(Collection entries)
(* Every program $P$ of the reactive language defined in the context is deterministic: coinductively, for every set of input signals $I\subseteq \mathit{Int}$, if $P\xrightarrow{I/O_1}P_1$ and $P\xrightarrow{I/O_2}P_2$, then $O_1=O_2$, $P_1$ and $P_2$ are equal up to renaming, and $P_1$ is again deterministic in the same sense.
   Context: Fix a countable set of signal names $s,s',\dots$ and a finite set $\mathit{Int}$ of signal names (the observable interface). A signal environment $E$ is a partial function from signal names to $\{\mathit{true},\mathit{false}\}$ whose finite domain $\mathrm{dom}(E)$ contains $\mathit{Int}$; $E[s:=\mathit{true}]$ denotes update. Threads are given by the grammar $T ::= () \mid (\mathsf{emit}\ s) \mid (\mathsf{local}\ s\ T) \mid (\mathsf{thread}\ T) \mid (\mathsf{when}\ s\ T) \mid (\mathsf{watch}\ s\ T) \mid A(\vec s) \mid (T;T)$, where $A(\vec s)$ are thread identifiers with signal parameters, each defined by exactly one equation $A(\vec x)=T$; $\mathsf{local}\ s$ binds $s$ in $T$. $\mathrm{sig}(T)$ is the set of free signals of $T$, and $\mathrm{sig}(P)$ the union over threads of a multiset $P$. A program is a finite non-empty multiset of threads. Atomic thread execution $(T,E)\Rightarrow_P (T',E')$ ($P$ a multiset of spawned threads, $\cup$ multiset union) is the least relation closed under: (T1) $((),E)\Rightarrow_\emptyset((),E)$; (T2) $(\mathsf{emit}\ s,E)\Rightarrow_\emptyset((),E[s:=\mathit{true}])$; (T3) if $s'\notin\mathrm{dom}(E)$ and $([s'/s]T,E\cup\{s'\mapsto\mathit{false}\})\Rightarrow_P(T',E')$ then $(\mathsf{local}\ s\ T,E)\Rightarrow_P(T',E')$; (T4) $(\mathsf{thread}\ T,E)\Rightarrow_{\{T\}}((),E)$; (T5) if $A(\vec x)=T$ and $([\vec s/\vec x]T,E)\Rightarrow_P(T',E')$ then $(A(\vec s),E)\Rightarrow_P(T',E')$; (T6) if $E(s)=\mathit{false}$ then $(\mathsf{when}\ s\ T,E)\Rightarrow_\emptyset(\mathsf{when}\ s\ T,E)$; (T7) if $E(s)=\mathit{true}$ and $(T,E)\Rightarrow_P((),E')$ then $(\mathsf{when}\ s\ T,E)\Rightarrow_P((),E')$; (T8) if $E(s)=\mathit{true}$, $(T,E)\Rightarrow_P(T',E')$, $T'\neq()$ then $(\mathsf{when}\ s\ T,E)\Rightarrow_P(\mathsf{when}\ s\ T',E')$; (T9) if $(T,E)\Rightarrow_P((),E')$ then $(\mathsf{watch}\ s\ T,E)\Rightarrow_P((),E')$; (T10) if $(T,E)\Rightarrow_P(T',E')$, $T'\neq()$ then $(\mathsf{watch}\ s\ T,E)\Rightarrow_P(\mathsf{watch}\ s\ T',E')$; (T11) if $(T_1,E)\Rightarrow_{P_1}((),E_1)$ and $(T_2,E_1)\Rightarrow_{P_2}(T',E')$ then $(T_1;T_2,E)\Rightarrow_{P_1\cup P_2}(T',E')$; (T12) if $(T_1,E)\Rightarrow_P(T',E')$, $T'\neq()$ then $(T_1;T_2,E)\Rightarrow_P(T';T_2,E')$. $(T,E)$ is stuck, written $(T,E)\ddagger$, if $(T,E)\Rightarrow_\emptyset(T,E)$. The end-of-instant abort function: $\lfloor P\rfloor_E=\{\lfloor T\rfloor_E\mid T\in P\}$ (multiset), $\lfloor()\rfloor_E=()$, $\lfloor T;T'\rfloor_E=\lfloor T\rfloor_E;T'$, $\lfloor\mathsf{when}\ s\ T\rfloor_E=\mathsf{when}\ s\ \lfloor T\rfloor_E$ if $E(s)=\mathit{true}$ and $\mathsf{when}\ s\ T$ otherwise, $\lfloor\mathsf{watch}\ s\ T\rfloor_E=()$ if $E(s)=\mathit{true}$ and $\mathsf{watch}\ s\ \lfloor T\rfloor_E$ otherwise. Instant execution $(P,E)\Downarrow(P'',E'')$ is the least relation with: (P1) if $(T,E)\ddagger$ for all $T\in P$ then $(P,E)\Downarrow(\lfloor P\rfloor_E,E)$; (P2) if some $T\in P$ has $\neg(T,E)\ddagger$, $(T,E)\Rightarrow_{P'}(T',E')$ and $((P\setminus\{T\})\cup\{T'\}\cup P',E')\Downarrow(P'',E'')$, then $(P,E)\Downarrow(P'',E'')$ (the choice of $T$ is nondeterministic). Input/output transitions: for $I,O\subseteq\mathit{Int}$, $P\xrightarrow{I/O}P'$ iff $(P,E_{I,P})\Downarrow(P',E')$ and $O=\{s\in\mathit{Int}\mid E'(s)=\mathit{true}\}$, where $E_{I,P}(s)=\mathit{true}$ if $s\in I$, $\mathit{false}$ if $s\in(\mathit{Int}\cup\mathrm{sig}(P))\setminus I$, undefined otherwise. Two programs $P,P'$ are equal up to renaming if there is a bijection $\mathrm{sig}(P)\to\mathrm{sig}(P')$ that is the identity on $\mathit{Int}$ and whose application to $P$ yields $P'$. A program $P$ is deterministic (coinductive definition: the greatest predicate such that) for every $I$, whenever $P\xrightarrow{I/O_1}P_1$ and $P\xrightarrow{I/O_2}P_2$, then $O_1=O_2$, $P_1=P_2$ up to renaming, and $P_1$ is deterministic. *)

From Stdlib Require Import List Arith Bool Permutation.
Import ListNotations.

Definition signal := nat.

(* Locally nameless syntax: free signals are names [FV s], signals bound by
   [local] are de Bruijn indices [BV n] (terms are thus identified up to
   alpha-conversion, and [s'/s]T in rule (T3) is capture-free opening). *)
Inductive sname : Type :=
| FV (s : signal)
| BV (n : nat).

Inductive thread : Type :=
| TNil
| TEmit (s : sname)
| TLocal (T : thread)
| TThread (T : thread)
| TWhen (s : sname) (T : thread)
| TWatch (s : sname) (T : thread)
| TCall (A : nat) (args : list sname)
| TSeq (T1 T2 : thread).

(* A program / multiset of threads is a list considered up to permutation. *)
Definition program := list thread.

(* Definitions of thread identifiers: A(xs) = body, with xs = fst (D A). *)
Definition defs := nat -> (list signal * thread).

Definition fsn (x : sname) : list signal :=
  match x with FV s => [s] | BV _ => [] end.

Fixpoint fsig (T : thread) : list signal :=
  match T with
  | TNil => []
  | TEmit s => fsn s
  | TLocal T => fsig T
  | TThread T => fsig T
  | TWhen s T => fsn s ++ fsig T
  | TWatch s T => fsn s ++ fsig T
  | TCall _ args => flat_map fsn args
  | TSeq T1 T2 => fsig T1 ++ fsig T2
  end.

Definition sigP (P : program) : list signal := flat_map fsig P.

Definition open_sn (k : nat) (s : signal) (x : sname) : sname :=
  match x with
  | BV n => if Nat.eqb n k then FV s else BV n
  | FV _ => x
  end.

Fixpoint open_rec (k : nat) (s : signal) (T : thread) : thread :=
  match T with
  | TNil => TNil
  | TEmit x => TEmit (open_sn k s x)
  | TLocal T => TLocal (open_rec (S k) s T)
  | TThread T => TThread (open_rec k s T)
  | TWhen x T => TWhen (open_sn k s x) (open_rec k s T)
  | TWatch x T => TWatch (open_sn k s x) (open_rec k s T)
  | TCall A args => TCall A (map (open_sn k s) args)
  | TSeq T1 T2 => TSeq (open_rec k s T1) (open_rec k s T2)
  end.

Definition open (s : signal) (T : thread) : thread := open_rec 0 s T.

(* parallel substitution [ss/xs] of free names (no capture possible) *)
Fixpoint lookup_sub (xs : list signal) (ss : list sname) (x : signal) : sname :=
  match xs, ss with
  | y :: xs', t :: ss' => if Nat.eqb x y then t else lookup_sub xs' ss' x
  | _, _ => FV x
  end.

Definition subst_sn (xs : list signal) (ss : list sname) (x : sname) : sname :=
  match x with FV y => lookup_sub xs ss y | BV n => BV n end.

# [EXERCISE]
Find the line that contains "match xs, ss with". Restate it and all lines after it exactly, ending with the final line of the data.

# [WRITTEN REPLY]
  match xs, ss with
  | y :: xs', t :: ss' => if Nat.eqb x y then t else lookup_sub xs' ss' x
  | _, _ => FV x
  end.

Definition subst_sn (xs : list signal) (ss : list sname) (x : sname) : sname :=
  match x with FV y => lookup_sub xs ss y | BV n => BV n end.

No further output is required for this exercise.